Exactly. My question is how, I mean, you've already quietly removed several thousand US troops from Afghanistan, there's still no peace there, no deal with the Taleban. You're here in Saudi Arabia and we're here in this hangar, and you've got the patriot batteries and you've got several thousand troops redeploying here. Actually, as Speaker of the House Nancy Pelosi asked the president, 'Well, you say you want to bring them home. Is Saudi Arabia home, Mr President?' I don't know, is Saudi Arabia home?
Well look, very different situations. In this case, what we're trying to do is prevent a regional conflagration initiated by Iran against many of our longstanding partners. We've been partners with Saudi Arabia now for 70 plus years. As you said, my war was the Gulf War, I spent 7, 8 months in this country helping defend in Desert Shield, Desert Storm. Right? So what we're here, why I deployed additional forces here was to help enable the defense of Saudi Arabia, deter the Iranians, because what we don't want is the Iranians taking actions that ends up in an escalatory fight, that we end up with another regional conflict. Nobody wants that. So I think the difference is, if you're trying to make them, between the deployment of additional forces to Saudi Arabia, and the withdrawal of some forces out of northeast Syria, two different things, very dramatically different.

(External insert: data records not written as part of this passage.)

Lemma ginv_coef_neq0 k m : (k < n)%N -> (m <= n)%N -> ginv_coef k m != 0.
Proof.
move=> lt_kn le_mn.
have den_neq0 := mulf_neq0 (mulf_neq0 (w_odd_neq0 lt_kn) (ker_coef_neq0 lt_kn))
  (ker_norm_neq0 n).
apply: mulf_neq0 (mulf_neq0 _ (ker_coef_neq0 le_mn)) _; last by rewrite invr_eq0.
case: ifP => _; first by rewrite subr_eq0 lt_eqF ?ker_norm_lt.
by rewrite subr0 ker_norm_neq0.
Qed.

Lemma ginv_coef_odd_row p q : (p < n)%N -> (q < n)%N ->
  w p.*2 * ginv_coef q p + w p.*2.+1 * ginv_coef q p.+1 = (p == q)%:R.
Proof.
move=> lt_pn lt_qn.
have w2p1 := w_odd_neq0 lt_pn; have w2q1 := w_odd_neq0 lt_qn.
have zp := ker_coef_neq0 (ltnW lt_pn).
have zp1 := ker_coef_neq0 lt_pn; have zq1 := ker_coef_neq0 lt_qn.
have Sn := ker_norm_neq0 n.
rewrite /ginv_coef (w_even_kerE lt_pn).
case: ltngtP => [_|_|<-] /=; field.
all: by rewrite ?zp ?zp1 ?w2p1 ?w2q1 ?zq1 ?Sn.
Qed.

Lemma ginv_coef_next p q : (p <= n)%N -> (q <= n)%N ->
  (if (p < n)%N then w p.*2 * ginv_coef p q else 0) =
  ((if (q <= p)%N then ker_norm n else 0) - ker_norm p) * ker_coef q /
  (ker_coef p * ker_norm n).
Proof.
move=> le_pn le_qn; case: ltnP => [lt_pn|ge_pn].
  have w2p1 := w_odd_neq0 lt_pn; have Sn := ker_norm_neq0 n.
  have zp := ker_coef_neq0 le_pn; have zp1 := ker_coef_neq0 lt_pn.
  by rewrite /ginv_coef (w_even_kerE lt_pn); field; rewrite zp zp1 w2p1 Sn.
have -> : p = n by apply/eqP; rewrite eqn_leq le_pn.
by rewrite le_qn subrr !mul0r.
Qed.

Lemma ginv_coef_prev p q : (p <= n)%N ->
  (if (0 < p)%N then w p.-1.*2.+1 * ginv_coef p.-1 q else 0) =
  (ker_norm p - ker_coef p ^+ 2 - (if (q < p)%N then ker_norm n else 0)) *
  ker_coef q / (ker_coef p * ker_norm n).
Proof.
case: p => [|p] le_pn /=.
  by rewrite ker_norm0 ker_coef0 expr1n subrr subr0 !mul0r.
have w2p1 := w_odd_neq0 le_pn; have Sn := ker_norm_neq0 n.
have zp1 := ker_coef_neq0 le_pn.
by rewrite /ginv_coef ker_normS ltnS; field; rewrite zp1 w2p1 Sn.
Qed.

Lemma ginv_coef_even_row p q : (p <= n)%N -> (q <= n)%N ->
  (if (0 < p)%N then w p.-1.*2.+1 * ginv_coef p.-1 q else 0) +
  (if (p < n)%N then w p.*2 * ginv_coef p q else 0) =
  (p == q)%:R - (ker_norm n)^-1 * (ker_coef p * ker_coef q).
Proof.
move=> le_pn le_qn; rewrite ginv_coef_prev // ginv_coef_next //.
have zp := ker_coef_neq0 le_pn; have Sn := ker_norm_neq0 n.
by case: ltngtP => [_|_|->] /=; field; rewrite zp Sn.
Qed.

Lemma ginv_coef_ker q : (q < n)%N -> \sum_(m < n.+1) ginv_coef q m * ker_coef m = 0.
Proof.
move=> lt_qn; set c := (w q.*2.+1 * ker_coef q.+1 * ker_norm n)^-1.
rewrite (eq_bigr (fun m : 'I_n.+1 => c * (ker_coef m ^+ 2 * ker_norm q -
    (if (m <= q)%N then ker_coef m ^+ 2 else 0) * ker_norm n))); last first.
  by move=> m _; rewrite /ginv_coef /c; case: ifP => _; ring.
rewrite -mulr_sumr sumrB -!mulr_suml -big_mkcond /=.
have -> : \sum_(m < n.+1 | (m <= q)%N) ker_coef m ^+ 2 = ker_norm q.
  rewrite /ker_norm (big_ord_widen _ (fun m => ker_coef m ^+ 2) (leqW lt_qn)).
  by apply: eq_bigl => m; rewrite ltnS.
by rewrite -/(ker_norm n) [ker_norm n * _]mulrC subrr mulr0.
Qed.

Definition ker_entry (i : nat) : R := if odd i then 0 else ker_coef i./2.

Definition ginv_entry (i j : nat) : R :=
  if odd i then (if odd j then 0 else ginv_coef i./2 j./2)
  else (if odd j then ginv_coef j./2 i./2 else 0).

Local Notation N := n.*2.+1.

Lemma path_adj_act_ker a : (a < N)%N -> path_adj_act N w ker_entry a = 0.
Proof.
have [p [->|->]] : exists p, a = p.*2 \/ a = p.*2.+1 by exists a./2; lia.
  case: p => [|p] _; rewrite /path_adj_act /ker_entry ?doubleS /= ?odd_double /=;
  by rewrite !mulr0 ?add0r ?addr0 if_same.
move=> lt_aN; have lt_pn : (p < n)%N by lia.
rewrite /path_adj_act /ker_entry /= odd_double /= half_double ifT; last by lia.
have zp := ker_coef_neq0 (ltnW lt_pn).
by rewrite (w_even_kerE lt_pn); field; rewrite zp.
Qed.

Lemma path_adj_act_ginv a b : (a < N)%N -> (b < N)%N ->
  path_adj_act N w (ginv_entry ^~ b) a =
  (a == b)%:R - (ker_norm n)^-1 * (ker_entry a * ker_entry b).
Proof.
have [p [->|->]] : exists p, a = p.*2 \/ a = p.*2.+1 by exists a./2; lia.
all: have [q [->|->]] : exists q, b = q.*2 \/ b = q.*2.+1 by exists b./2; lia.
all: move=> lt_aN lt_bN; rewrite /path_adj_act /ginv_entry /ker_entry /=.
all: rewrite !odd_double /= ?half_double ?uphalf_double.
- rewrite (inj_eq double_inj) -ginv_coef_even_row; try lia.
  congr (_ + _); last by rewrite ltnS ltn_double.
  by case: p {lt_aN} => [|p] //; rewrite doubleS /= odd_double /= uphalf_double.
- have -> : (p.*2 == q.*2.+1) = false by lia.
  case: p {lt_aN} => [|p]; rewrite ?doubleS /= ?odd_double /=;
  by rewrite !mulr0 ?add0r ?if_same oppr0.
- have -> : (p.*2.+1 == q.*2) = false by lia.
  by rewrite mul0r !mulr0 add0r if_same subr0.
- have lt_pn : (p < n)%N by lia.
  rewrite ifT; last by lia.
  by rewrite eqSS (inj_eq double_inj) !mulr0 !subr0 ginv_coef_odd_row //; lia.
Qed.

Lemma ginv_entry_ker a : (a < N)%N -> \sum_(j < N) ginv_entry a j * ker_entry j = 0.
Proof.
move=> lt_aN; rewrite /ginv_entry /ker_entry; case: (boolP (odd a)) => odd_a.
  rewrite (eq_bigr (fun j : 'I_N =>
    if odd j then 0 else ginv_coef a./2 j./2 * ker_coef j./2)).
    rewrite (sum_even_half (fun m => ginv_coef a./2 m * ker_coef m)).
    by rewrite ginv_coef_ker //; lia.
  by move=> j _; case: (odd j); rewrite ?mul0r.
by apply: big1 => j _; case: (odd j); rewrite ?mulr0 ?mul0r.
Qed.

Definition path_ker : 'cV[R]_N := \col_i ker_entry i.

Definition path_ginv : 'M[R]_N := \matrix_(i, j) ginv_entry i j.

Lemma path_ginv_sym : path_ginv^T = path_ginv.
Proof.
by apply/matrixP => i j; rewrite !mxE /ginv_entry; case: (odd i); case: (odd j).
Qed.

Lemma path_adj_ker : path_adj N w *m path_ker = 0.
Proof.
apply/matrixP => i k; rewrite (@mulmx_path_adj_entry _ _ _ _ _ ker_entry).
  by rewrite mxE path_adj_act_ker.
by move=> j; rewrite mxE.
Qed.

Lemma path_ginv_ker : path_ginv *m path_ker = 0.
Proof.
apply/matrixP => i k; rewrite !mxE -[RHS](ginv_entry_ker (ltn_ord i)).
by apply: eq_bigr => j _; rewrite !mxE.
Qed.

Lemma path_adj_ginv :
  path_adj N w *m path_ginv = 1%:M - (ker_norm n)^-1 *: (path_ker *m path_ker^T).
Proof.
apply/matrixP => i k; rewrite (@mulmx_path_adj_entry _ _ _ _ _ (ginv_entry ^~ k)).
  by rewrite path_adj_act_ginv // !mxE big_ord1 !mxE.
by move=> j; rewrite mxE.
Qed.

Lemma path_ginv_group_inverse : group_inverse (path_adj N w) path_ginv.
Proof.
exact: sym_group_inverse (path_adj_sym _ _) path_ginv_sym path_adj_ker
  path_ginv_ker path_adj_ginv.
Qed.

Lemma wedge_path_ginv (i j : 'I_N) : wedge path_ginv i j = odd (i + j).
Proof.
have lt_i := ltn_ord i; have lt_j := ltn_ord j.
rewrite /wedge mxE /ginv_entry oddD.
case: (boolP (odd i)) => odd_i; case: (boolP (odd j)) => odd_j /=.
- by rewrite eqxx andbF.
- rewrite ginv_coef_neq0 ?andbT; try lia.
  by apply: contraNneq odd_j => <-.
- rewrite ginv_coef_neq0 ?andbT; try lia.
  by apply: contraNneq odd_i => ->.
- by rewrite eqxx andbF.
Qed.

End OddPathGroupInverse.

Theorem proposition2p14 (R : realFieldType) (n : nat) (w : nat -> R) :
  (1 <= n)%N ->
  (forall k : nat, (k < n.*2)%N -> w k != 0) ->
  let A := path_adj n.*2.+1 w in
  (exists X, group_inverse A X) /\
  (forall X : 'M[R]_(n.*2.+1), group_inverse A X ->
     [/\ (forall i j : 'I_(n.*2.+1), (j = i.+1 :> nat) -> wedge X i j),
         (forall i j : 'I_(n.*2.+1), wedge X i j = odd (i + j)) &
         ((2 <= n)%N -> forall i : 'I_(n.*2.+1), wdegree X i != 1%N)]).
Proof.
move=> _ w_neq0 A; have ginvA := path_ginv_group_inverse w_neq0.
split; first by exists (path_ginv n w).
move=> X /group_inverse_unique/(_ ginvA) ->.
have parity := wedge_path_ginv w_neq0.
split=> // [i j ji | n_gt1 i].
  by rewrite parity ji addnS /= addnn odd_double.
by rewrite gtn_eqF // parity_degree_gt1 //; lia.
Qed.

The Russians had a lot of territory in Syria...beginning as early as 2012, 2013, whenever they moved in.
What about the Iranians?
Well look, this is the point: the key thing with the Iranians is we, because of the maximum pressure campaign, the Iranians at this point, they appear very desperate and would be willing, we assess, to start a fight in this region. We saw the September 14th Aramco attacks, we believe was a responsibility of Iran, other countries, European countries, have said the same: that they, for the first ever, struck Saudi Arabia in a state-on-state conflict. And so what we're trying to do is to prevent a growing, prevent a conflict in this region from growing into something that would really destroy the region.

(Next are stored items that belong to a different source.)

(* K_J = subgroup generated by the alpha_j, j in J.  Since alpha_j^{-1} =
   alpha_j^{k-1}, it consists of the finite products of generators. *)
Definition inK d k (J : {set 'I_d.+1}) (g : word d) : Prop :=
  exists s : seq 'I_d.+1, all (fun i => i \in J) s /\
    g = foldr (fun i acc => gmul k (alpha k i) acc) (gone d) s.

Definition is_subgroup d k (H : word d -> Prop) : Prop :=
  (forall g, H g -> reduced k g) /\ H (gone d) /\
  (forall g h, H g -> H h -> H (gmul k g h)) /\
  (forall g, H g -> H (ginv k g)).

Definition hat d (J : {set 'I_d.+1}) : {set 'I_d.+1} := ~: J.

(* [K_{hat J} g]_H = [K_{hat J} g']_H : the double cosets K_{hat J} g H agree *)
Definition samecls d k (H : word d -> Prop) (J : {set 'I_d.+1}) (g g' : word d) : Prop :=
  exists x h, inK k (hat J) x /\ H h /\ g' = gmul k (gmul k x g) h.

(* A multicell of dimension |J|-1 is represented by a pair (J, g) with g
   reduced; it stands for the class [K_{hat J} g]_H. *)
Definition mcell d := ({set 'I_d.+1} * word d)%type.

Definition valid d k (c : mcell d) : Prop := reduced k c.2.

Definition same_mcell d k (H : word d -> Prop) (c c' : mcell d) : Prop :=
  c.1 = c'.1 /\ samecls k H c.1 c.2 c'.2.

(* containment: [K_{hat I} g]_H <= [K_{hat J} g]_H for I \subset J, for a
   common representative g *)
Definition mle d k (H : word d -> Prop) (c c' : mcell d) : Prop :=
  c.1 \subset c'.1 /\
  exists g, reduced k g /\ samecls k H c.1 c.2 g /\ samecls k H c'.1 c'.2 g.

(* Link graph of a multicell a = (J,g): vertices are the (j+1)-multicells
   containing a, edges the (j+2)-multicells containing a; an edge joins the
   vertices it contains.  [link_step] relates two vertices which are the same
   multicell or are joined by an edge. *)
Definition link_vertex d k (H : word d -> Prop) (a v : mcell d) : Prop :=
  valid k v /\ #|v.1| = #|a.1|.+1 /\ mle k H a v.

Well first things first, we didn't allow this offensive to happen. Turkey made a strategic decision to conduct this incursion, despite our opposition. That's number one. Number two: I've seen the reports as well, we're trying to monitor them, they are horrible, and if accurate - and I assume that they are accurate - they would be war crimes, as best as I know the law of the land of warfare. So I think all those need to be followed up on. I think those responsible should be held accountable. In many cases it would be the government of Turkey should be held accountable for this. Because we cannot allow those things to happen.
Do you agree with what the president has said, is that these are just two forces who don't like each other, they're in the sandbox, and as if they're in the playground, let them have at it together?
Well look, this is a conflict whose roots go back over 200 years, between the Turks and the Kurds, and they've been fighting now since, what, the early 1980s. So I think that's one of our concerns is, what are we, why do we need to be in the middle of this conflict that's gone on for so long?
But that might constitute sitting back, it might constitute talking about it without doing anything to stop it.
Oh I don't think that's the case. Certainly we would welcome an international, you know, discussion about this to try and resolve it peacefully, but we've got to get to the core of the problem. And the core of the problem is extensive, it goes back, like I said, many years between these, between the Turks and Kurds. And, I mean, you've probably reported on this in the past as well, you know it better than I do.